In the entries below, identify every line with the string "coordinate" and copy it.

- [Collected data]

_ _ _

(* The last coordinate is kept in J exactly when the direction does not move it;
   non-negativity rules out a negative last coordinate. *)
Lemma exists_Fface_above K y0 : nonneg leZ A -> F K (hat A) y0 ->
  exists J, hatJ J = K /\ exists x, F J A x.
Proof.
move=> Hnn /(FfaceP HZ HQ) [zy [_ Hzy Hsy]].
have [KI [d [Gd Hd0 Hd1]]] := hat_gclosure_recession Hzy Hsy.
have [s0 [[a0 [Aa0 _]] _]] := Hzy 0.
pose b := (ord_max \in I) && (d ord_max == 0).
pose J := if b then ord_max |: widen_set K else widen_set K.
exists J; split.
  apply/setP => j; rewrite inE /J.
  by case: ifP => _; rewrite ?in_setU1 ?widen_neq_max /= mem_widen_set.
exists (fun i => omap iota (restrict J a0 i)); apply: (Fface_of_recession HZ HQ HAx Aa0 Gd).
- rewrite /J; case: ifP => hb //.
  by rewrite subUset sub1set KI; case/andP: hb => ->.
- move=> i; rewrite /J; case: ifP => hb; last exact: Hd0.
  by rewrite in_setU1 => /orP [/eqP ->|/Hd0 //]; case/andP: hb => _ /eqP.
move=> i hI hJ; case: (widen_or_max i) hI hJ => [->|[j ->]] hI hJ.
  have : ~~ b by move: hJ; rewrite /J; case: ifP => // _; rewrite in_setU1 eqxx.
  rewrite /b hI /= => hne; rewrite -gtz0_ge1 lt_def hne.
  exact: (nonneg_recession_ge0 HZ HAx Hnn Aa0 Gd hI).
apply: Hd1; rewrite in_setD1 in_setD widen_neq_max hI andbT /=.
by move: hJ; rewrite /J; case: ifP => _ //; rewrite in_setU1 widen_neq_max.
Qed.

End SocleFaces.

Unset Implicit Arguments.

Theorem proposition3p7
  (Z : zmodType) (leZ : rel Z) (one : Z) (HZ : is_Zgroup leZ one)
  (Q : zmodType) (leQ : rel Q) (iota : Z -> Q)
  (HQ : is_divisible_hull leZ leQ iota)
  (m : nat) (I : {set 'I_m.+1}) (A : ('I_m.+1 -> option Z) -> Prop)
  (HA : basic_presburger leZ one I A) :
  let X := hat A in
  (forall J : {set 'I_m.+1},
     (exists x, Fface leQ iota J A x) ->
     set_eq (hat (Fface leQ iota J A)) (Fface leQ iota (hatJ J) X) /\
     (exists y, Fface leQ iota (hatJ J) X y)) /\
  (nonneg leZ A ->
   forall K : {set 'I_m},
     (exists y, Fface leQ iota K X y) ->
     exists J : {set 'I_m.+1},
       [/\ (exists x, Fface leQ iota J A x),
           set_eq (hat (Fface leQ iota J A)) (Fface leQ iota K X),
           (ord_max \notin J ->
              set_eq (Fface leQ iota J A)
                (fun x => Fface leQ iota K X (socle x) /\ x ord_max = None)) &
           (ord_max \in J ->
              set_eq (Fface leQ iota J A)
                (fun x => [/\ Fface leQ iota K X (socle x),
                              (exists z, x ord_max = Some (iota z)) &
                              clos leQ iota A x]))]).
Proof.
move: HA => [k [phi [gam [l [psi [rho [nn [Hn HAx]]]]]]]] X.
split=> [J [x0 hx0]|Hnn K [y0 hy0]]; first exact: (hat_Fface HZ HQ Hn HAx hx0).
have [J [<- [x0 hx0]]] := exists_Fface_above HZ HQ Hn HAx Hnn hy0.
exists J; split.
- by exists x0.
- exact: (hat_Fface HZ HQ Hn HAx hx0).1.
- exact: (Fface_max_notin HZ HQ Hn HAx hx0).
- exact: (Fface_max_in HZ HQ).
Qed.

_ _ _

- [Written response]
(* The last coordinate is kept in J exactly when the direction does not move it;
   non-negativity rules out a negative last coordinate. *)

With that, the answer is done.